The banking lobby has drawn what it hopes is a powerful sword in its crusade against an increase in the member business lending cap: taxes.
The Independent Community Bankers of America asked Congressional Budget Office and Joint Committee on Taxation leaders to calculate how S. 2231, if passed, would reduce bank tax bills.
In a letter from ICBA President/CEO Camden Fine to CBO Director Douglas Elmendorf and JCT Chief of Staff Thomas Barthold, Fine said increasing the MBL cap from 12.25% to 27.5% of assets is "often misrepresented by some as a 'cost-free' means of expanding small business credit."
Fine referenced 2010 CBO estimates for S. 2919, a similar MBL bill. According to the letter, the CBO estimated the revenue impact at $354 million from 2010 to 2020. However, the calculations were based on the assumption that S. 2919 would have shifted assets from for-profit banks to not-for-profit credit unions.

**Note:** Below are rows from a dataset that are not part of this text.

(* Let $n\ge1$ be an integer and let $\varepsilon,\alpha,C_0,z_0$ be complex constants with $\alpha\neq0$. Then the rational function $$y(z)=\frac{C_0}{\alpha}+\frac{2(-1)^{n-1}(2n-1)!\,\varepsilon}{\alpha\,(n-1)!\,(z+z_0)^n}$$ is a solution of the ordinary differential equation $$\varepsilon\frac{d^ny}{dz^n}+\frac{\alpha}{2}y^2-C_0y+\frac{C_0^2}{2\alpha}=0 .$$ *)

From HB Require Import structures.
From mathcomp Require Import all_boot all_order all_algebra.
From mathcomp Require Import complex.
From mathcomp Require Import all_classical all_reals all_analysis.

From HB Require Import structures.
From mathcomp Require Import all_boot all_order all_algebra.
From mathcomp Require Import complex.
From mathcomp Require Import all_classical all_reals all_analysis.
Import Order.TTheory GRing.Theory Num.Theory.
Import numFieldNormedType.Exports.
From mathcomp Require Import ring zify.
Local Open Scope ring_scope.

(* Write y = C0/alpha + a/(z+z0)^n.  The k-th derivative of a/(z+z0)^n is
   a (-1)^k n(n+1)...(n+k-1) / (z+z0)^(n+k), and the quadratic part of the
   equation is the perfect square (alpha/2)(y - C0/alpha)^2 = (alpha/2) a^2/(z+z0)^(2n).
   Both remaining terms are multiples of (z+z0)^(-2n), and the constant a is
   exactly the one for which their coefficients cancel. *)

(* No derivability is needed: both sides are limits of the same difference quotients. *)
Lemma derive1_addl (R : numFieldType) (V : normedModType R) (c : V) (f : R -> V) :
  derive1 (fun w => c + f w) = derive1 f.
Proof.
apply/funext => x; rewrite /derive1.
suff -> : (fun h : R => h^-1 *: (c + f (h + x) - (c + f x))) =
          (fun h => h^-1 *: (f (h + x) - f x)) by [].
by apply/funext => h; rewrite opprD addrACA subrr add0r.
Qed.

Lemma derive1n_addl (R : numFieldType) (V : normedModType R) (c : V) (f : R -> V) k :
  derive1n k.+1 (fun w => c + f w) = derive1n k.+1 f.
Proof. by rewrite !derive1Sn derive1_addl. Qed.

Section InverseShiftedPower.
Context {K : numFieldType} {z0 : K}.

Lemma nbhs_addr_neq0 (x : K) : x + z0 != 0 -> \forall w \near x, w + z0 != 0.
Proof.
move=> xz0; apply/nbhs_ballP; exists `|x + z0|; first by rewrite /= normr_gt0.
move=> w; rewrite -ball_normE /=; apply: contraTneq => /eqP.
by rewrite addr_eq0 => /eqP ->; rewrite opprK ltxx.
Qed.

(* The library states this as [is_deriveV] only over a [realType]. *)
Lemma is_derive_inv {f : K -> K} {x v t : K} : f x != 0 -> is_derive x v f t ->
  is_derive x v (fun w => (f w)^-1) (- (f x) ^- 2 *: t).
Proof.
move=> fx0 [df <-]; apply: DeriveDef; first exact: derivableV.
exact: deriveV.
Qed.

Lemma is_derive_shift_powV (a x : K) m : x + z0 != 0 ->
  is_derive x 1 (fun w => a / (w + z0) ^+ m) (- (a * m%:R) / (x + z0) ^+ m.+1).
Proof.
move=> xz0.
have dpow := is_deriveX m (is_derive_shift x 1 z0).
have pow_neq0 : (shift z0 ^+ m) x != 0 by rewrite exprfctE expf_neq0.
have := is_deriveZ a (is_derive_inv pow_neq0 dpow).
rewrite exprfctE /= => dV.
have -> : (fun w => a / (w + z0) ^+ m) = a \*: (fun w => (w + z0) ^- m) by [].
apply: is_derive_eq dV _.
rewrite [_%:A]mulr1 /GRing.scale /=.
case: m {dpow pow_neq0} => [|m]; first by rewrite mulr0n !(mul0r, mulr0, oppr0).
rewrite !exprS /=; set p := (x + z0) ^+ m.
have p_neq0 : p != 0 by rewrite expf_neq0.
by field; rewrite p_neq0 xz0.
Qed.

(* [(m + k).-1 ^_ k] is the rising factorial m (m+1) ... (m+k-1). *)
Lemma derive1n_shift_powV (a x : K) m k : x + z0 != 0 ->
  \forall w \near x, derive1n k (fun w => a / (w + z0) ^+ m) w
                    = a * (-1) ^+ k * ((m + k).-1 ^_ k)%:R / (w + z0) ^+ (m + k).
Proof.
elim: k x => [|k IH] x xz0.
  by near=> w; rewrite expr0 addn0 !mulr1.
apply: filterS (nbhs_addr_neq0 _ xz0) => w wz0.
rewrite derive1nS derive1E (near_eq_derive _ (IH w wz0)).
have [_ ->] := is_derive_shift_powV (a * (-1) ^+ k * ((m + k).-1 ^_ k)%:R) _ (m + k) wz0.
rewrite addnS ffactnS /= natrM !exprS.
by field; rewrite expf_neq0 // wz0.
Unshelve. all: by end_near.
Qed.

Lemma derivable_derive1n_shift_powV (a x : K) m k : x + z0 != 0 ->
  derivable (derive1n k (fun w => a / (w + z0) ^+ m)) x 1.
Proof.
move=> xz0; set c := a * (-1) ^+ k * ((m + k).-1 ^_ k)%:R.
have [dc _] := is_derive_shift_powV c x (m + k) xz0.
apply: near_eq_derivable dc.
by apply: filterS (derive1n_shift_powV a _ m k xz0) => w ->.
Qed.

End InverseShiftedPower.

Theorem mainTheorem5 (R : realType) (n : nat) (eps alpha C0 z0 : R[i])
  (hn : (1 <= n)%N) (halpha : alpha != 0) :
  let y : (R[i] : numFieldType) -> (R[i] : numFieldType) := fun z =>
    C0 / alpha
    + (2 * (-1) ^+ n.-1 * (n.*2.-1)`!%:R * eps)
      / (alpha * (n.-1)`!%:R * (z + z0) ^+ n) in
  forall z : (R[i] : numFieldType), z + z0 != 0 ->
    (forall k, (k < n)%N -> derivable (derive1n k y) z 1) /\
    eps * derive1n n y z + alpha / 2 * y z ^+ 2 - C0 * y z
      + C0 ^+ 2 / (2 * alpha) = 0.
Proof.
case: n hn => // m _ y z zz0.
set a := 2 * (-1) ^+ m * (m.*2.+1)`!%:R * eps / (alpha * m`!%:R).
have -> : y = fun w => C0 / alpha + a / (w + z0) ^+ m.+1.
  by apply/funext => w; rewrite /y /a invfM mulrA.
split.
  case=> [_|k _]; last by rewrite derive1n_addl; exact: derivable_derive1n_shift_powV.
  apply: derivableD; first exact: derivable_cst.
  exact: (derivable_derive1n_shift_powV a z m.+1 0 zz0).
rewrite derive1n_addl (nbhs_singleton (derive1n_shift_powV _ _ _ _ zz0)).
have fact_split : ((m.+1 + m.+1).-1 ^_ m.+1 * m`!)%N = (m.*2.+1)`!.
  rewrite addSn addnS /= addnn -[RHS](@ffact_fact _ m.+1); last by rewrite -addnn; lia.
  by rewrite (_ : (m.*2.+1 - m.+1)%N = m) //; lia.
have fact_neq0 : (m`!%:R : R[i]) != 0 by rewrite pnatr_eq0 -lt0n fact_gt0.
have pow_neq0 : (z + z0) ^+ m.+1 != 0 by rewrite expf_neq0.
rewrite /a -fact_split natrM exprD exprS.
set u := (z + z0) ^+ m.+1; set s := (-1) ^+ m.
by field; rewrite halpha fact_neq0 pow_neq0.
Qed.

Supporters of S. 2231 have said banks are failing to meet current business borrowing demand, but banks counter their own surveys say otherwise.
Fine called the tax-exempt status of credit unions "a very serious policy issue in view of our nation's alarming debt load and unsustainable annual federal budget deficits." He quoted a Tax Foundation study that placed a $31 billion, 10-year price tag on credit union tax exempt status.
The letter was also sent to House Ways & Means Chairman Dave Camp (R-Mich.), Ranking Member Sander M. Levin (D-Mich.), Senate Finance Committee Chairman Max Baucus (D-Mt.) and Ranking Member Orrin G. Hatch (R-Utah).